For the second time in eighteen months, offshore tax havens have been in the public eye – this time with “the Paradise Papers”:
Back in 2016, more than 11 million documents were leaked by an anonymous source at Panamanian law firm Mossack Fonseca in the so-called “Panama Leaks.” Then-UK prime minister David Cameron and Russia chief Vladimir Putin were among the names linked with the registration of assets under foreign ownership. to thwart the taxman.
This month, it’s been the “Paradise Papers” – another 13-plus million documents released by the law firm Appleby to the same newspaper as before, Suddeutsche Zeitung.
The range of those caught in the net is arguably even wider this time: Britain’s royal family, F1 star Lewis Hamilton and Facebook are among the notables to have questions raised as to their methods of investment and asset ownership.
So is what these people have been doing legal? Well, that’s the question that attracts all the controversy. Because there’s a fine line between tax evasion and tax avoidance.
Tax evasion vs. tax avoidance: the fine line?
A distinction is sometimes made between the “evasion” and “avoidance” of tax that lies at the heart of the tax haven situation. Although just yesterday the Guardian newspaper was using the term “tax avoidance” to describe illegality, rather than the more commonly-accepted term “tax evasion”.
Tax ‘evasion” is out-and-out illegal. In the UK, it basically means not declaring to Her Majesty’s Revenue and Customs earnings through either a job or returns from a company or asset that should be declared as part of your overall tax position.
Tax avoidance, however, is what makes these Paradise Papers, and the complex legal arrangements in them, possible. Tax avoidance is considered by some to be the term to describe legal attempts to minimise exposure to tax regulation. This often involves tying up money in a range of global locations as domiciles (the registered location of a person or asset) that have a far lower tax rate than ‘onshore’ UK or elsewhere in EU or North America. People seeking out such friendly jurisdictions – “tax havens” – is what the Paradise Papers reveals. But the result of these efforts can often be something between tax “evasion” and tax “avoidance” as the terms are understood – a grey legal area.
So does “offshore” mean “tax haven”?
Not necessarily. Generally, ALL tax havens are sites of offshore banking, but NOT all sites of offshore banking are tax havens.
You can, for example, transfer your pension “offshore”. Your offshore status will give you pension options that are not available in the UK. If you live overseas, the pension contributions you accumulated in the UK are perfectly allowed to move to another jurisdiction.
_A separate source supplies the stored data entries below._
Definition bramble (e : rel V) (B : {set {set V}}) : Prop :=
  (forall X, X \in B -> connected_set e X) /\
  (forall X Y, X \in B -> Y \in B -> touch e X Y).

Definition hitting_set (B : {set {set V}}) (H : {set V}) : Prop :=
  forall X, X \in B -> (X :&: H) != set0.

Definition order_at_least (B : {set {set V}}) (l : nat) : Prop :=
  forall H, hitting_set B H -> l <= #|H|.

Definition bramble_restr (B : {set {set V}}) (X : {set V}) : {set {set V}} :=
  [set Y in B | (Y :&: X) != set0].

Definition path_from_to (e : rel V) (S T : {set V}) (p : seq V) : Prop :=
  exists x, exists q, [/\ p = x :: q, path e x q, uniq p, x \in S & last x q \in T].

End Graphs.

(* If an S-T separator Z had fewer than l vertices, it would miss some X in B_S
   and some X' in B_T; as X and X' are connected and touch, G - Z would contain
   an S-T path through X and X'.  So every S-T separator has at least l
   vertices, and Menger's theorem yields l disjoint S-T paths.

   Menger's theorem is proved by induction on the number of edges (Goering's
   edge-deletion argument).  Delete an edge xy; if G - xy still has an S-T
   separator Y with fewer than k vertices, orient xy so that in G - xy - Y the
   set S does not reach y and T does not reach x.  Then every S-(Y+x) separator
   and every T-(Y+y) separator of G - xy separates S from T in G, so induction
   gives k disjoint S-(Y+x) paths and k disjoint T-(Y+y) paths in G - xy.  These
   meet only in Y, at their ends, and glue through Y and the edge xy. *)

From mathcomp Require Import all_boot.
Set Implicit Arguments. Unset Strict Implicit. Unset Printing Implicit Defensive.

Section Menger.
Variable V : finType.
Implicit Types (e : rel V) (A S T W X Y Z : {set V}) (p q : seq V).

Definition reach e Z s t := (s \notin Z) && connect (induced e (~: Z)) s t.

Definition reach_from e Z A v := [exists a in A, reach e Z a v].

Definition separates e S T Z := [forall t in T, ~~ reach_from e Z S t].

Definition separators_ge e S T k := forall Z, separates e S T Z -> k <= #|Z|.

Definition st_path e S T p :=
  if p is s :: q then [&& path e s q, uniq (s :: q), s \in S & last s q \in T]
  else false.

Definition first_hit T p := if p is s :: q then all [predC T] (belast s q) else true.

Definition pairwise_disjoint k (P : 'I_k -> seq V) :=
  forall i j, i != j -> forall v, v \in P i -> v \notin P j.

Definition has_linkage e S T k :=
  exists2 P : 'I_k -> seq V, forall i, st_path e S T (P i) & pairwise_disjoint P.

Lemma induced_sym e X : symmetric e -> symmetric (induced e X).
Proof. by move=> sym_e u v; rewrite /induced /= sym_e [(u \in X) && _]andbC. Qed.

Lemma reach0 e Z s : s \notin Z -> reach e Z s s.
Proof. by move=> sZ; rewrite /reach sZ connect0. Qed.

Lemma reach_notin e Z s t : reach e Z s t -> t \notin Z.
Proof.
case/andP=> + /connectP[p + ->]; elim: p s => //= u p IHp s _ /andP[/and3P[_ _]].
by rewrite in_setC => /IHp.
Qed.

Lemma reach_trans e Z a b c : reach e Z a b -> reach e Z b c -> reach e Z a c.
Proof. by case/andP=> aZ ab /andP[_ bc]; rewrite /reach aZ (connect_trans ab bc). Qed.

Lemma reach_edge e Z a b : a \notin Z -> b \notin Z -> e a b -> reach e Z a b.
Proof.
by move=> aZ bZ eab; rewrite /reach aZ connect1 // /induced /= eab !in_setC aZ bZ.
Qed.

Lemma reach_sym e Z a b : symmetric e -> reach e Z a b -> reach e Z b a.
Proof.
move=> sym_e r; rewrite /reach (reach_notin r) (sym_connect_sym (induced_sym _ sym_e)).
by case/andP: r.
Qed.

Lemma reach_subset e Z Z' a b : Z' \subset Z -> reach e Z a b -> reach e Z' a b.
Proof.
move=> sZ /andP[aZ ab]; have nZ u : u \notin Z -> u \notin Z'.
  by apply: contra; apply: (subsetP sZ).
rewrite /reach nZ //; apply: connect_sub ab => u v /and3P[euv uZ vZ].
by apply: connect1; rewrite /induced /= euv !in_setC !nZ -?in_setC.
Qed.

Lemma connect_ind (r : rel V) (P : pred V) a b :
  (forall u v, r u v -> P u -> P v) -> connect r a b -> P a -> P b.
Proof.
move=> rP /connectP[p + ->]; elim: p a => //= u p IHp a /andP[rau pu] Pa.
exact: IHp pu (rP _ _ rau Pa).
Qed.

Lemma path_reach e Z s q v :
  path e s q -> all [predC Z] (s :: q) -> v \in s :: q -> reach e Z s v.
Proof.
move=> pq avoidZ vq; apply/andP; split; first by case/andP: avoidZ.
apply: (path_connect _ vq); apply: sub_in_path avoidZ pq => u w uZ wZ euw.
by rewrite /induced /= euw !in_setC; apply/and3P.
Qed.

Lemma first_hit_reach e Z s q v : path e s q -> all [predC Z] (belast s q) ->
  v \in s :: q -> v \notin Z -> reach e Z s v.
Proof.
case/lastP: q => [_ _|q w]; first by rewrite mem_seq1 => /eqP-> /reach0.
rewrite belast_rcons -rcons_cons mem_rcons in_cons => pqw avoidZ.
case/orP=> [/eqP-> wZ|vq _]; last first.
  by apply: path_reach vq => //; move: pqw; rewrite rcons_path => /andP[].
apply: path_reach pqw _ _; first by rewrite -rcons_cons all_rcons /= wZ.
by rewrite -rcons_cons mem_rcons mem_head.
Qed.

Lemma reach_fromP e Z A v :
  reflect (exists2 a, a \in A & reach e Z a v) (reach_from e Z A v).
Proof. exact: exists_inP. Qed.

Lemma separatesP e S T Z :
  reflect (forall s t, s \in S -> t \in T -> ~~ reach e Z s t) (separates e S T Z).
Proof.
apply: (iffP forall_inP) => [sepZ s t sS tT | sepZ t tT].
  by apply: contra (sepZ t tT) => r; apply/reach_fromP; exists s.
by apply/reach_fromP => -[s sS]; apply/negP; apply: sepZ.
Qed.

Lemma separates_sym e S T Z : symmetric e -> separates e S T Z -> separates e T S Z.
Proof.
move=> sym_e /separatesP sepZ; apply/separatesP => t s tT sS.
by apply: contra (sepZ s t sS tT); apply: reach_sym.
Qed.

Lemma separates_target e S T : separates e S T T.
Proof. by apply/separatesP => s t _ tT; apply: contraL tT => /reach_notin. Qed.

Lemma separates_reach_from e S T Z v : symmetric e -> separates e S T Z ->
  ~~ (reach_from e Z S v && reach_from e Z T v).
Proof.
move=> sym_e /separatesP sepZ.
apply/andP => -[/reach_fromP[s sS rs] /reach_fromP[t tT rt]].
by case/negP: (sepZ s t sS tT); apply: reach_trans rs (reach_sym sym_e rt).
Qed.

Lemma st_pathP e S T p : reflect (path_from_to e S T p) (st_path e S T p).
Proof.
case: p => [|s q]; first by constructor => -[x [q []]].
apply: (iffP and4P) => [[pq uq sS lT] | [x [q' [[<- <-] pq uq sS lT]]]] //.
by exists s, q.
Qed.

Lemma st_path_sub e e' S T p : subrel e e' -> st_path e S T p -> st_path e' S T p.
Proof.
by move=> ee'; case: p => // s q /and4P[pq *]; apply/and4P; split=> //; exact: (sub_path ee' pq).
Qed.

Lemma st_path_last x0 e S T p : st_path e S T p -> last x0 p \in T.
Proof. by case: p => // s q /and4P[]. Qed.

Lemma st_path_mem_last x0 e S T p : st_path e S T p -> last x0 p \in p.
Proof. by case: p => // s q _; apply: (mem_last s q). Qed.

Lemma first_hit_last x0 T p v : first_hit T p -> v \in p -> v \in T -> v = last x0 p.
Proof.
case: p => // s q /=; rewrite lastI mem_rcons in_cons => /allP avoidT.
by case/orP=> [/eqP // | /avoidT /negP].
Qed.

Lemma first_hit_reach_from e S A Z p v : st_path e S A p -> first_hit A p ->
  Z \subset A -> v \in p -> v \notin Z -> reach_from e Z S v.
Proof.
case: p => // s q /and4P[pq _ sS _] /= avoidA ZA vp vZ.
apply/reach_fromP; exists s => //.
apply: first_hit_reach pq _ vp vZ; apply: sub_all avoidA => u /=.
by apply: contra; apply: (subsetP ZA).
Qed.

Lemma path_first_hit e T s q : path e s q -> last s q \in T ->
  exists2 q', [&& path e s q', last s q' \in T & all [predC T] (belast s q')]
            & subseq q' q.
Proof.
elim: q s => [|u q IHq] s /=; first by move=> _ sT; exists [::]; rewrite /= ?sT.
move=> /andP[esu pq] lT; have [sT|sT] := boolP (s \in T).
  by exists [::]; rewrite /= ?sT.
have [q' /and3P[pq' lT' avoidT] sub] := IHq u pq lT.
by exists (u :: q'); rewrite /= ?esu ?pq' ?lT' ?sT ?avoidT ?eqxx.
Qed.

Lemma st_path_first_hit e S T p : st_path e S T p ->
  exists2 p', st_path e S T p' && first_hit T p' & {subset p' <= p}.
Proof.
case: p => // s q /and4P[pq uq sS lT].
have [q' /and3P[pq' lT' avoidT] sub] := path_first_hit pq lT.
have sub' : subseq (s :: q') (s :: q) by rewrite /= eqxx.
exists (s :: q'); last exact: mem_subseq sub'.
apply/andP; split; last exact: avoidT.
by apply/and4P; split=> //; apply: subseq_uniq sub' uq.
Qed.

Lemma linkage_first_hit e S T k : has_linkage e S T k ->
  exists2 P : 'I_k -> seq V,
    forall i, st_path e S T (P i) && first_hit T (P i) & pairwise_disjoint P.
Proof.
case=> P HP dP.
have [P' HP' subP'] := fin_all_exists2 (fun i => st_path_first_hit (HP i)).
exists P' => // i j ij v /subP' vi; exact: contra (@subP' j v) (dP i j ij v vi).
Qed.

Lemma has_linkage_sub e e' S T k :
  subrel e e' -> has_linkage e S T k -> has_linkage e' S T k.
Proof. by move=> ee' [P HP dP]; exists P => // i; apply: st_path_sub (HP i). Qed.

Lemma has_linkage_leq e S T k m : k <= m -> has_linkage e S T m -> has_linkage e S T k.
Proof.
move=> km [P HP dP]; exists (fun i => P (widen_ord km i)) => // i j ij; apply: dP.
by apply: contra ij => /eqP/(congr1 val)/= ij; apply/eqP/val_inj.
Qed.

Lemma has_linkage_setI e S T : has_linkage e S T #|S :&: T|.
Proof.
exists (fun i => [:: enum_val i]) => [i | i j ij v].
  by have := enum_valP i; rewrite inE /= => /andP[-> ->].
by rewrite !mem_seq1 => /eqP->; apply: contra ij => /eqP/enum_val_inj->.
Qed.

Lemma separates_setI_no_edge e S T :
  (forall u v, ~~ e u v) -> separates e S T (S :&: T).
Proof.
move=> no_edge; apply/separatesP => s t sS tT; apply/negP => /andP[sST].
case/connectP=> -[/= _ ts | u p /andP[/and3P[esu _ _] _] _].
  by rewrite inE sS -ts tT in sST.
by rewrite (negbTE (no_edge s u)) in esu.
Qed.

Lemma linkage_no_edge e S T k : (forall u v, ~~ e u v) -> separators_ge e S T k ->
  has_linkage e S T k.
Proof.
move=> no_edge sepk; apply: has_linkage_leq (has_linkage_setI e S T).
exact/sepk/separates_setI_no_edge.
Qed.

Lemma separates_del_edge e e' S T Y Z x y :
  (forall u v, e u v -> ~~ e' u v -> u \in [set x; y]) ->
  separates e' S T Y -> ~~ reach_from e' Y S y ->
  separates e' S (x |: Y) Z -> separates e S T Z.
Proof.
move=> del /separatesP sepY Sy /separatesP sepZ; apply/separatesP => s t sS tT.
apply/negP => /andP[sZ /connect_ind walk].
pose W := Z :|: (x |: Y).
have YW : Y \subset W by apply/subsetP => u uY; rewrite !inE uY !orbT.
have sW : s \notin W.
  rewrite in_setU negb_or sZ /=; apply/negP => sxY.
  by case/negP: (sepZ s s sS sxY); apply: reach0.
suff /(reach_subset YW) : reach e' W s t by apply/negP; apply: sepY.
(* Along the walk, reachability from s in G - xy - W is preserved: the walk
   cannot enter x |: Y, which Z separates from S, and it cannot cross xy,
   since it would have to come from y, which S does not reach. *)
apply: (walk (reach e' W s)) (reach0 _ sW) => a b /and3P[eab _].
rewrite in_setC => bZ ra; have aW := reach_notin ra.
have [e'ab | ne'ab] := boolP (e' a b).
  have [bxY | bxY] := boolP (b \in x |: Y).
    case/negP: (sepZ s b sS bxY); apply: reach_trans (reach_edge _ bZ e'ab).
      exact: reach_subset (subsetUl _ _) ra.
    by move: aW; rewrite in_setU negb_or => /andP[].
  by apply: reach_trans ra (reach_edge aW _ e'ab); rewrite in_setU negb_or bZ.
move: (del a b eab ne'ab); rewrite !inE => /orP[/eqP ax | /eqP ay].
  by rewrite ax !inE eqxx orbT in aW.
by case/negP: Sy; apply/reach_fromP; exists s => //; rewrite -ay; apply: reach_subset ra.
Qed.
Domiciled offshore, such as Malta, means that the drawdown of your transferred pension is unconnected to the UK in terms of tax. Which makes sense – since you don’t live in the UK! Indeed, you may not even end up retiring in the UK, making your requirement to pay UK tax a case in point. Any pension transfer from the UK will remain under the beady eye of HMRC: the pension must be transferring to both a domicile and a structure of which the taxman approves.
You can also have a savings plan or investment bond that is offshore. Again, any tax considerations relates to the fact that you’re not only based personally offshore – such as in the UAE – but also that your investment platform also has tax-efficient, offshore status.
What the Paradise Papers reveals is a world of very expensive and complicated arrangements that regular investors simply don’t need. The Guardian’s summary of the celebrities caught in the Paradise Papers makes for entertaining reading, but tax havens are unlikely to be relevant to your own financial planning! What is certain is that, in no-tax jurisdictions such as the UAE, it’s important to really know your tax position and how you can plan your savings accordingly.